What you need to do — Exact duplicates of all the records are needed.
··· Task material
(* Let $R_0^*\in SO(3)$ with unit quaternion representation $w_0^*\in\mathbb{S}^3$, let $1\le k^*<\ell$, let $(y_i,x_i)$ satisfy $y_i=R_0^*x_i$ for $i=1,\dots,k^*$, and let $c_1^2,\dots,c_\ell^2\ge 0$ with $\sum_{i=1}^{k^*}c_i^2>0$. Suppose the outliers are clustered: there is $w_0^{\mathrm{cl}}\in\mathbb{S}^3$ with $w_0^{\mathrm{cl}}\ne\pm w_0^*$ such that $Q_{k^*+1}w_0^{\mathrm{cl}}=\cdots=Q_\ell w_0^{\mathrm{cl}}=0$. Let $\omega^*=[w_0^*;\dots;w_0^*;0;\dots;0]\in\mathbb{R}^{4(\ell+1)}$ with $w_0^*$ appearing $k^*+1$ times, and $\mathcal{W}^*=\omega^*(\omega^* )^\top$. If $$1-\frac{\sum_{j=k^*+1}^{\ell}c_j^2}{2\sum_{i=1}^{k^*}c_i^2}<\big|(w_0^{\mathrm{cl}})^\top w_0^*\big|,$$ then $\mathcal{W}^*$ does not globally minimize (SDR).
   Context: For $w=[w_1;w_2;w_3;w_4]\in\mathbb{S}^3$, $R(w)=\begin{bmatrix} w_1^2+w_2^2-w_3^2-w_4^2 & 2(w_2w_3-w_1w_4) & 2(w_2w_4+w_1w_3)\\ 2(w_2w_3+w_1w_4) & w_1^2+w_3^2-w_2^2-w_4^2 & 2(w_3w_4-w_1w_2)\\ 2(w_2w_4-w_1w_3) & 2(w_3w_4+w_1w_2) & w_1^2+w_4^2-w_2^2-w_3^2\end{bmatrix}\in SO(3)$; $\pm w$ are the unit quaternion representations of $R(w)$. $Q_i$ is the unique symmetric $4\times4$ matrix with $w^\top Q_iw=\|y_i-R(w)x_i\|_2^2$ for all $w\in\mathbb{S}^3$. For $\mathcal{A}\in\mathbb{R}^{4(\ell+1)\times4(\ell+1)}$, $[\mathcal{A}]_{ij}$ ($0\le i,j\le\ell$) is the $4\times4$ block in rows $4i+1..4i+4$, columns $4j+1..4j+4$. $\mathcal{Q}$ is symmetric with $[\mathcal{Q}]_{0i}=[\mathcal{Q}]_{i0}=\frac12(Q_i-c_i^2I_4)$ ($i\ge1$), other blocks zero. (SDR): minimize $\operatorname{tr}(\mathcal{Q}\mathcal{W})+\sum_ic_i^2$ over symmetric $\mathcal{W}\succeq0$ s.t. $[\mathcal{W}]_{0i}=[\mathcal{W}]_{ii}$ ($i=1..\ell$), $\operatorname{tr}([\mathcal{W}]_{00})=1$. *)

From HB Require Import structures.
From mathcomp Require Import all_boot all_order all_algebra.
From mathcomp Require Import zify.
From mathcomp Require Import reals.
Set Implicit Arguments. Unset Strict Implicit. Unset Printing Implicit Defensive.
Import Order.TTheory GRing.Theory Num.Theory.
Local Open Scope ring_scope.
······
Written answer —
(* Let $R_0^*\in SO(3)$ with unit quaternion representation $w_0^*\in\mathbb{S}^3$, let $1\le k^*<\ell$, let $(y_i,x_i)$ satisfy $y_i=R_0^*x_i$ for $i=1,\dots,k^*$, and let $c_1^2,\dots,c_\ell^2\ge 0$ with $\sum_{i=1}^{k^*}c_i^2>0$. Suppose the outliers are clustered: there is $w_0^{\mathrm{cl}}\in\mathbb{S}^3$ with $w_0^{\mathrm{cl}}\ne\pm w_0^*$ such that $Q_{k^*+1}w_0^{\mathrm{cl}}=\cdots=Q_\ell w_0^{\mathrm{cl}}=0$. Let $\omega^*=[w_0^*;\dots;w_0^*;0;\dots;0]\in\mathbb{R}^{4(\ell+1)}$ with $w_0^*$ appearing $k^*+1$ times, and $\mathcal{W}^*=\omega^*(\omega^* )^\top$. If $$1-\frac{\sum_{j=k^*+1}^{\ell}c_j^2}{2\sum_{i=1}^{k^*}c_i^2}<\big|(w_0^{\mathrm{cl}})^\top w_0^*\big|,$$ then $\mathcal{W}^*$ does not globally minimize (SDR).
   Context: For $w=[w_1;w_2;w_3;w_4]\in\mathbb{S}^3$, $R(w)=\begin{bmatrix} w_1^2+w_2^2-w_3^2-w_4^2 & 2(w_2w_3-w_1w_4) & 2(w_2w_4+w_1w_3)\\ 2(w_2w_3+w_1w_4) & w_1^2+w_3^2-w_2^2-w_4^2 & 2(w_3w_4-w_1w_2)\\ 2(w_2w_4-w_1w_3) & 2(w_3w_4+w_1w_2) & w_1^2+w_4^2-w_2^2-w_3^2\end{bmatrix}\in SO(3)$; $\pm w$ are the unit quaternion representations of $R(w)$. $Q_i$ is the unique symmetric $4\times4$ matrix with $w^\top Q_iw=\|y_i-R(w)x_i\|_2^2$ for all $w\in\mathbb{S}^3$. For $\mathcal{A}\in\mathbb{R}^{4(\ell+1)\times4(\ell+1)}$, $[\mathcal{A}]_{ij}$ ($0\le i,j\le\ell$) is the $4\times4$ block in rows $4i+1..4i+4$, columns $4j+1..4j+4$. $\mathcal{Q}$ is symmetric with $[\mathcal{Q}]_{0i}=[\mathcal{Q}]_{i0}=\frac12(Q_i-c_i^2I_4)$ ($i\ge1$), other blocks zero. (SDR): minimize $\operatorname{tr}(\mathcal{Q}\mathcal{W})+\sum_ic_i^2$ over symmetric $\mathcal{W}\succeq0$ s.t. $[\mathcal{W}]_{0i}=[\mathcal{W}]_{ii}$ ($i=1..\ell$), $\operatorname{tr}([\mathcal{W}]_{00})=1$. *)

From HB Require Import structures.
From mathcomp Require Import all_boot all_order all_algebra.
From mathcomp Require Import zify.
From mathcomp Require Import reals.
Set Implicit Arguments. Unset Strict Implicit. Unset Printing Implicit Defensive.
Import Order.TTheory GRing.Theory Num.Theory.
Local Open Scope ring_scope.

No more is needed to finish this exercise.